Inverse k-visibility for RSSI-based Indoor Geometric Mapping
Junseo Kim, Matthew Lisondra, Yeganeh Bahoo, Sajad Saeedi
TL;DR
This work tackles indoor mapping with WiFi RSSI by introducing Structure from WiFi (SfW) based on inverse $k$-visibility. It develops both dense and sparse variants to recover geometry from RSSI-derived $k$-values, using multiple routers and occupancy-grid maps, and validates the approach against LiDAR ground truth in simulated and real environments. Key findings include $k$-value accuracy around 82–96% and IOU ~0.83–0.96, with multi-router configurations offering substantial improvements and real-time processing capabilities. The method provides a viable alternative for WiFi-based geometric mapping, enabling planning and navigation without relying on cameras or LiDAR, and highlights future directions in multipath modeling and active exploration.
Abstract
In recent years, the increased availability of WiFi in indoor environments has gained interest in the robotics community to utilize WiFi signals for indoor simultaneous localization and mapping algorithms.

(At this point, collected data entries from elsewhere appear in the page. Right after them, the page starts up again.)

(* Let $G$ be a tree on $n$ vertices $1,2,\ldots,n$ with edges $e_1,\ldots,e_{n-1}$ and incidence matrix $M$, and let $S=M^TM$ be its signless edge-Laplacian. Then the Moore-Penrose inverse $S^+=[s^+_{i,j}]$ of $S$ is given by $$s^+_{i,j}=\frac{(-1)^{d(e_i,e_j)}}{n}\begin{cases}|G_H(e_i)|\,|G_T(e_i)| & \text{if } e_i=e_j,\\ -|G[e_i,e_j)|\,|G(e_i,e_j]| & \text{if } e_i\neq e_j.\end{cases}$$
   Context: The incidence matrix $M$ is the $n\times(n-1)$ matrix with $(i,j)$-entry $1$ if vertex $i$ is incident with edge $e_j$ and $0$ otherwise. Each edge is written $e_i=\{l_i,m_i\}$ with $l_i<m_i$. The head component $G_H(e_i)$ is the component of $G\setminus e_i$ containing $m_i$ and the tail component $G_T(e_i)$ the one containing $l_i$; $|X|$ is the number of vertices of $X$. For a vertex $j$ and edge $e_i=\{l_i,m_i\}$, $d(j,e_i)=d(e_i,j):=\min\{d(j,l_i),d(j,m_i)\}$ (graph distance), and for edges $d(e_i,e_k):=\min\{d(l_i,e_k),d(m_i,e_k)\}$. For distinct edges $e_i,e_j$, $G\setminus\{e_i,e_j\}$ has three components: $G[e_i,e_j)$ is the component containing an endpoint of $e_i$ but no endpoint of $e_j$, and $G(e_i,e_j]$ is the component containing an endpoint of $e_j$ but no endpoint of $e_i$. The Moore-Penrose inverse of a real matrix $A$ is the unique $A^+$ with $AA^+A=A$, $A^+AA^+=A^+$, $(AA^+)^T=AA^+$, $(A^+A)^T=A^+A$. *)

From mathcomp Require Import all_boot all_order all_algebra.
Set Implicit Arguments. Unset Strict Implicit. Unset Printing Implicit Defensive.
Import Order.TTheory GRing.Theory Num.Theory.
Local Open Scope ring_scope.

Section Tree.
Variables (n k : nat) (l m : 'I_k -> 'I_n).
(* A graph on vertex set 'I_n with edges e_i = {l i, m i}, i : 'I_k.
   [gadj P] is the adjacency relation of the subgraph keeping only the
   edges i with P i (used for G, G \ e_i, G \ {e_i, e_j}). *)
Definition gadj (P : pred 'I_k) : rel 'I_n := fun x y =>
  [exists i : 'I_k, P i &&
     (((x == l i) && (y == m i)) || ((x == m i) && (y == l i)))].

Definition Gadj : rel 'I_n := gadj predT.

Definition is_tree : Prop :=
  (forall x y, connect Gadj x y) /\
  (forall i, ~~ connect (gadj (predC1 i)) (l i) (m i)).

Definition dist (x y : 'I_n) : nat :=
  find (fun len => [exists p : len.-tuple 'I_n, path Gadj x p && (last x p == y)])
       (iota 0 n).

Definition dist_ve (x : 'I_n) (i : 'I_k) : nat := minn (dist x (l i)) (dist x (m i)).
Definition dist_ee (i j : 'I_k) : nat := minn (dist_ve (l i) j) (dist_ve (m i) j).

Definition headC (i : 'I_k) : {set 'I_n} := [set v | connect (gadj (predC1 i)) (m i) v].
Definition tailC (i : 'I_k) : {set 'I_n} := [set v | connect (gadj (predC1 i)) (l i) v].

(* G[e_i, e_j): vertices of the component(s) of G \ {e_i, e_j} containing an
   endpoint of e_i but no endpoint of e_j *)
Definition compL (i j : 'I_k) : {set 'I_n} :=
  let r := gadj [pred t | (t != i) && (t != j)] in
  [set v | (connect r (l i) v || connect r (m i) v)
           && ~~ connect r v (l j) && ~~ connect r v (m j)].

Definition incidence (R : nzRingType) : 'M[R]_(n, k) :=
  \matrix_(v, j) (((v == l j) || (v == m j)) : nat)%:R.

Definition Splus (R : fieldType) : 'M[R]_k :=
  \matrix_(i, j) ((-1) ^+ dist_ee i j / n%:R *
     (if i == j then (#|headC i| * #|tailC i|)%:R
      else - (#|compL i j| * #|compL j i|)%:R)).
End Tree.

Definition is_MP_inverse (R : nzRingType) (p q : nat)
  (A : 'M[R]_(p, q)) (X : 'M[R]_(q, p)) : Prop :=
  [/\ A *m X *m A = A, X *m A *m X = X,
      (A *m X)^T = A *m X & (X *m A)^T = X *m A].

From mathcomp Require Import all_boot all_order all_algebra.
From mathcomp Require Import zify ring.
Set Implicit Arguments. Unset Strict Implicit. Unset Printing Implicit Defensive.
Import Order.TTheory GRing.Theory Num.Theory.
Local Open Scope ring_scope.

(** Colour the vertices of the tree properly with signs [sgn v = +-1]; the sign
   vector [c] spans the kernel of [M^T]. Let row [e] of [Z] be [sgn v * sgn (m e)]
   times the indicator of the head of [e], centred to be orthogonal to [c].
   Then [Z M = 1], and since [row_mx c M] is square, [M Z = 1 - c c^T / n];
   hence [Z Z^T] is the inverse of [S = M^T M], which is therefore also its
   Moore-Penrose inverse. The entry [(Z Z^T) i j] is a centred count of the
   common vertices of the two heads. For [i != j] the components [G[e_i,e_j)]
   and [G(e_i,e_j]] are disjoint and each head is one of them or its
   complement, which yields [- |G[e_i,e_j)| |G(e_i,e_j]| / n] up to sign; the
   sign is that of [(-1) ^ d(e_i,e_j)] because [d(e_i,e_j)] is the distance
   between the endpoints of [e_i] and [e_j] facing each other, whose parity
   is read off their colours. *)

Lemma connect_ind (T : finType) (e : rel T) (P : T -> Prop) x y :
  P x -> (forall u w, P u -> e u w -> P w) -> connect e x y -> P y.
Proof.
move=> Px Pe /connectP[p pth ->].
by elim: p x pth Px => [|z p IH] x //= /andP[exz pth] Px; apply: IH pth (Pe _ _ Px exz).
Qed.

Lemma sum_mul_pred2 (R : pzSemiRingType) (T : finType) (F : T -> R) a b : a != b ->
  \sum_v F v * ((v == a) || (v == b) : nat)%:R = F a + F b.
Proof.
move=> ab; rewrite (bigD1 a) //= eqxx mulr1 (bigD1 b) 1?eq_sym //= eqxx orbT mulr1.
by rewrite big1 ?addr0 // => v /andP[/negbTE-> /negbTE->]; rewrite mulr0.
Qed.

Lemma sum_mem_card (R : pzSemiRingType) (T : finType) (A : {set T}) :
  \sum_v ((v \in A) : nat)%:R = #|A|%:R :> R.
Proof.
rewrite -sum1_card natr_sum [RHS]big_mkcond; apply: eq_bigr => v _.
by case: (v \in A).
Qed.

Lemma natr_cardsC (R : pzRingType) (T : finType) (A : {set T}) :
  #|~: A|%:R = #|T|%:R - #|A|%:R :> R.
Proof. by apply/eqP; rewrite eq_sym subr_eq -natrD addnC cardsC. Qed.

Lemma sum_centered_mem (R : fieldType) (T : finType) (A B : {set T}) :
  (#|T|%:R : R) != 0 ->
  \sum_v (((v \in A) : nat)%:R - #|A|%:R / #|T|%:R)
         * (((v \in B) : nat)%:R - #|B|%:R / #|T|%:R)
    = #|A :&: B|%:R - #|A|%:R * #|B|%:R / #|T|%:R :> R.
Proof.
move=> T_neq0; under eq_bigr do rewrite mulrBl !mulrBr -natrM mulnb -in_setI.
rewrite !sumrB -!mulr_suml -!mulr_sumr !sum_mem_card sumr_const -mulr_natr.
by field.
Qed.

Lemma cardsI_centered_disjoint (R : fieldType) (T : finType) (A B : {set T})
    (a b : bool) :
  [disjoint A & B] -> (#|T|%:R : R) != 0 ->
  #|(if a then ~: A else A) :&: (if b then ~: B else B)|%:R
    - #|if a then ~: A else A|%:R * #|if b then ~: B else B|%:R / #|T|%:R
    = (-1) ^+ (a (+) b) * - (#|A| * #|B|)%:R / #|T|%:R :> R.
Proof.
move=> /disjoint_setI0 AB T_neq0.
have cardsDR (X Y : {set T}) : X :&: Y = set0 -> #|X :\: Y| = #|X|.
  by move=> XY; rewrite cardsD XY cards0 subn0.
rewrite natrM; case: a; case: b => /=;
  [ rewrite -setCU natr_cardsC cardsU AB cards0 subn0 natrD !natr_cardsC
  | rewrite setIC -setDE cardsDR 1?setIC // natr_cardsC
  | rewrite -setDE cardsDR // natr_cardsC
  | rewrite AB cards0 ];
  by field.
Qed.

Section LeftInverse.
Variables (R : fieldType) (k : nat) (a : R).
Variables (M : 'M[R]_(k.+1, k)) (Z : 'M[R]_(k, k.+1)) (c : 'cV[R]_k.+1).
Hypotheses (ZM : Z *m M = 1%:M) (Mc : M^T *m c = 0) (Zc : Z *m c = 0).
Hypotheses (ctc : c^T *m c = a%:M) (a_neq0 : a != 0).

Lemma mulmx_left_inverse_proj : M *m Z = 1%:M - a^-1 *: (c *m c^T).
Proof.
pose N : 'M[R]_(k.+1, 1 + k) := row_mx c M.
pose L : 'M[R]_(1 + k, k.+1) := col_mx (a^-1 *: c^T) Z.
have cM : c^T *m M = 0 by rewrite -[c^T *m M]trmxK trmx_mul trmxK Mc trmx0.
(* [L] is a left, hence also a right, inverse of the square matrix [N]. *)
have LN : L *m N = 1%:M.
  rewrite mul_col_row -!scalemxAl ctc Zc ZM cM scaler0 scale_scalar_mx mulVf //.
  by rewrite [RHS]scalar_mx_block.
have := mulmx1C LN; rewrite mul_row_col scalemxAr => NL.
by rewrite -NL addrAC subrr add0r.
Qed.

Lemma gram_mulmx_left_inverse : (M^T *m M) *m (Z *m Z^T) = 1%:M.
Proof.
rewrite -mulmxA (mulmxA M) mulmx_left_inverse_proj mulmxBl mul1mx mulmxBr.
rewrite -scalemxAl -scalemxAr !mulmxA Mc !mul0mx scaler0 subr0.
by rewrite -trmx_mul ZM trmx1.
Qed.

End LeftInverse.

Lemma is_MP_inverse_mulmx1 (R : comUnitRingType) p (A X : 'M[R]_p) :
  A *m X = 1%:M -> is_MP_inverse A X.
Proof.
move=> AX; have XA := mulmx1C AX.
by split; rewrite ?AX ?XA ?mul1mx ?trmx1.
Qed.

Section Tree.
Variables (n k : nat) (l m : 'I_k -> 'I_n).
Hypothesis tree : is_tree l m.

Local Notation Gdel i := (gadj l m (predC1 i)).
Local Notation Gdel2 i j := (gadj l m [pred t | (t != i) && (t != j)]).

Definition edge j (u w : 'I_n) :=
  ((u == l j) && (w == m j)) || ((u == m j) && (w == l j)).
Definition endp j (x : 'I_n) := (x == l j) || (x == m j).

Lemma gadjP (P : pred 'I_k) u w :
  reflect (exists2 j, P j & edge j u w) (gadj l m P u w).
Proof.
apply: (iffP existsP) => [[j /andP[Pj e]] | [j Pj e]]; exists j => //.
by rewrite Pj.
Qed.

Lemma edge_lm j : edge j (l j) (m j).
Proof. by rewrite /edge !eqxx. Qed.

Lemma edge_endp j u w : edge j u w -> endp j u && endp j w.
Proof. by case/orP=> /andP[/eqP-> /eqP->]; rewrite /endp !eqxx ?orbT. Qed.

Lemma l_neq_m j : l j != m j.
Proof. by apply: contraNneq (tree.2 j) => ->; apply: connect0. Qed.

Lemma gadj_sym P : symmetric (gadj l m P).
Proof.
move=> u w; apply/gadjP/gadjP => -[j Pj e]; exists j => //;
  by case/orP: e => /andP[/eqP-> /eqP->]; rewrite /edge !eqxx ?orbT.
Qed.

Lemma connect_gadj_sym P : connect_sym (gadj l m P).
Proof. exact/sym_connect_sym/gadj_sym. Qed.

Lemma connect_gadj_sub (P Q : pred 'I_k) :
  subpred P Q -> subrel (connect (gadj l m P)) (connect (gadj l m Q)).
Proof.
move=> PQ; apply: connect_sub => u w /gadjP[j /PQ Qj e].
by apply: connect1; apply/gadjP; exists j.
Qed.

Definition side i v := v \in headC l m i.

Lemma side_connect i u w : connect (Gdel i) u w -> side i u = side i w.
Proof.
rewrite /side !inE => cuw; apply/idP/idP => [cu | cw]; first exact: connect_trans cu cuw.
by apply: connect_trans cw _; rewrite connect_gadj_sym.
Qed.

Lemma side_m i : side i (m i).
Proof. by rewrite /side inE connect0. Qed.

Lemma side_l i : side i (l i) = false.
Proof. by rewrite /side inE connect_gadj_sym; apply/negbTE/tree.2. Qed.

Lemma side_step i j u w : edge j u w -> side i w = (j == i) (+) side i u.
Proof.
case: (eqVneq j i) => [-> | ji] e.
  by case/orP: e => /andP[/eqP-> /eqP->]; rewrite side_m side_l.
have cuw : connect (Gdel i) u w by apply: connect1; apply/gadjP; exists j.
by rewrite (side_connect cuw).
Qed.

Lemma side_m_l i j : j != i -> side i (m j) = side i (l j).
Proof. by move=> ji; rewrite (side_step i (edge_lm j)) (negbTE ji). Qed.

Lemma side_endp i j v : j != i -> endp j v -> side i v = side i (l j).
Proof. by move=> ji /orP[] /eqP-> //; rewrite side_m_l. Qed.

Lemma endp_side_inj i x z : endp i x -> endp i z -> side i x = side i z -> x = z.
Proof. by case/orP=> /eqP->; case/orP=> /eqP->; rewrite ?side_l ?side_m. Qed.

Definition end_on i (b : bool) := if b then m i else l i.

Lemma endp_end_on i b : endp i (end_on i b).
Proof. by case: b; rewrite /endp eqxx ?orbT. Qed.

Lemma side_end_on i b : side i (end_on i b) = b.
Proof. by case: b; rewrite ?side_m ?side_l. Qed.

Lemma connect_end_on i v : connect (Gdel i) (end_on i (side i v)) v.
Proof.
rewrite /end_on; have [sv | sv] := ifPn; first by rewrite /side inE in sv.
apply: (connect_ind (P := fun w => ~~ side i w -> connect (Gdel i) (l i) w))
  _ _ (tree.1 (l i) v) sv => [|u w IHu /gadjP[j _ e] sw]; first by rewrite connect0.
case: (eqVneq j i) => [ji | ji].
  have /andP[_ ew] := edge_endp e; rewrite ji in ew.
  by rewrite (endp_side_inj ew (endp_end_on i false)) ?connect0 ?side_end_on ?(negbTE sw).
have su : ~~ side i u by rewrite (side_step i e) (negbTE ji) in sw.
by apply: connect_trans (IHu su) (connect1 _); apply/gadjP; exists j.
Qed.

Lemma same_side_connect i u w : side i u = side i w -> connect (Gdel i) u w.
Proof.
move=> suw; apply: (connect_trans _ (connect_end_on i w)).
by rewrite -suw connect_gadj_sym connect_end_on.
Qed.

Lemma tailC_eq i : tailC l m i = ~: headC l m i.
Proof.
apply/setP => v; rewrite in_setC -[v \in headC l m i]/(side i v) inE.
apply/idP/idP => [/side_connect <- | sv]; first by rewrite side_l.
by apply: same_side_connect; rewrite side_l (negbTE sv).
Qed.

(* Adjacent vertices differ in exactly one head membership, so this is a
   proper 2-colouring. *)
Definition colour v := odd #|[set i | side i v]|.

Lemma colour_step j u w : edge j u w -> colour w = ~~ colour u.
Proof.
move=> e; rewrite /colour (cardsD1 j) [in RHS](cardsD1 j).
have -> : [set i | side i w] :\ j = [set i | side i u] :\ j.
  apply/setP => i; rewrite !inE; case: (eqVneq i j) => //= ij.
  by rewrite (side_step i e) eq_sym (negbTE ij).
by rewrite !inE (side_step j e) eqxx !oddD; case: (side j u); rewrite /= ?negbK.
Qed.

Definition walk x y (p : seq 'I_n) := path (Gadj l m) x p && (last x p == y).

Lemma walk_nil x y : walk x y [::] = (x == y).
Proof. by []. Qed.

Lemma walk_cons x y z p : walk x y (z :: p) = Gadj l m x z && walk z y p.
Proof. by rewrite /walk /= andbA. Qed.

Lemma walk_rev x y p : walk x y p -> walk y x (rev (belast x p)).
Proof.
case/andP=> pth /eqP <-; apply/andP; split.
  by rewrite rev_path (eq_path (fun u w => gadj_sym predT w u)).
by rewrite -(last_cons x) -rev_rcons -lastI rev_cons last_rcons.
Qed.

Lemma colour_walk x y p : walk x y p -> colour y = colour x (+) odd (size p).
Proof.
elim: p x => [|z p IH] x; first by rewrite walk_nil => /eqP->; rewrite addbF.
rewrite walk_cons => /andP[/gadjP[j _ e] wp].
by rewrite (IH _ wp) (colour_step e) /= addbN addNb.
Qed.

Definition walk_len x y len := [exists p : len.-tuple 'I_n, walk x y p].

Lemma walk_lenP x y p : walk x y p -> walk_len x y (size p).
Proof. by move=> w; apply/existsP; exists (in_tuple p). Qed.

Lemma has_walk_len x y : has (walk_len x y) (iota 0 n).
Proof.
have /connectP[p pth lp] := tree.1 x y.
case: (shortenP pth) lp => p' pth' up' _ lp'.
apply/hasP; exists (size p'); last by apply: walk_lenP; rewrite /walk pth' lp' eqxx.
rewrite mem_iota /= add0n.
by have := max_card (mem (x :: p')); rewrite (card_uniqP up') card_ord.
Qed.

This paper discusses the challenges of achieving high-accuracy geometric map building using WiFi signals. The paper introduces the concept of inverse k-visibility, developed from the k-visibility algorithm, to identify free space in an unknown environment, used for planning, navigation, and obstacle avoidance. Comprehensive experiments, including those utilizing single and multiple RSSI signals, were conducted in both simulated and real-world environments to demonstrate the robustness of the proposed algorithm. Additionally, a detailed analysis comparing the resulting maps with ground-truth LiDAR-based maps is provided to highlight the algorithm's accuracy and reliability.